What is expected
What is needed is an exact copy of every entry.
(Data for this exercise begins)
Lemma grey_path_of_prec_circ_inv (X : G) ss Y : oriented_path X Y ss ->
  prec (lprod ss) (circ (inv Y)) -> grey_path Y ss.
Proof.
  revert Y. induction ss as [|s ss IH]; intros Y Hp Hc; [exact I|].
  destruct Hp as [[[HY _] [Hs [Hs1 [[HYs _] _]]]] Hp].
  assert (HD := Delta_neq1 s Hs Hs1).
  assert (HL : Pos (lprod ss)) by eapply Pos_lprod, oriented_path_simple, Hp.
  rewrite lprod_cons in Hc. split.
  - apply prec_iota_of_prec_circ; [assumption..|].
    eapply prec_trans; [|exact Hc]. now apply prec_mulr_self.
  - apply IH; [assumption|]. rewrite <- conjVg. apply prec_circ_conj; auto using simple_Pos.
    rewrite conjVg, !inf_inv by assumption.
    destruct (SSS_inf_sup_eq _ _ _ HY HYs). lia.
Qed.

End GarsideTheory.

Theorem mainTheorem5 (G : GarsideGroup) (X Y : G) (ss : list G) :
  oriented_path X Y ss ->
  (prec (lprod ss) (circ Y) -> black_path Y ss) /\
  (prec (lprod ss) (circ (inv Y)) -> grey_path Y ss).
Proof.
  intros Hpath. split.
  - now apply (black_path_of_prec_circ X).
  - now apply (grey_path_of_prec_circ_inv X).
Qed.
(Data for this exercise ends)
Response area
Lemma grey_path_of_prec_circ_inv (X : G) ss Y : oriented_path X Y ss ->
  prec (lprod ss) (circ (inv Y)) -> grey_path Y ss.
Proof.
  revert Y. induction ss as [|s ss IH]; intros Y Hp Hc; [exact I|].
  destruct Hp as [[[HY _] [Hs [Hs1 [[HYs _] _]]]] Hp].
  assert (HD := Delta_neq1 s Hs Hs1).
  assert (HL : Pos (lprod ss)) by eapply Pos_lprod, oriented_path_simple, Hp.
  rewrite lprod_cons in Hc. split.
  - apply prec_iota_of_prec_circ; [assumption..|].
    eapply prec_trans; [|exact Hc]. now apply prec_mulr_self.
  - apply IH; [assumption|]. rewrite <- conjVg. apply prec_circ_conj; auto using simple_Pos.
    rewrite conjVg, !inf_inv by assumption.
    destruct (SSS_inf_sup_eq _ _ _ HY HYs). lia.
Qed.

End GarsideTheory.

Theorem mainTheorem5 (G : GarsideGroup) (X Y : G) (ss : list G) :
  oriented_path X Y ss ->
  (prec (lprod ss) (circ Y) -> black_path Y ss) /\
  (prec (lprod ss) (circ (inv Y)) -> grey_path Y ss).
Proof.
  intros Hpath. split.
  - now apply (black_path_of_prec_circ X).
  - now apply (grey_path_of_prec_circ_inv X).
Qed.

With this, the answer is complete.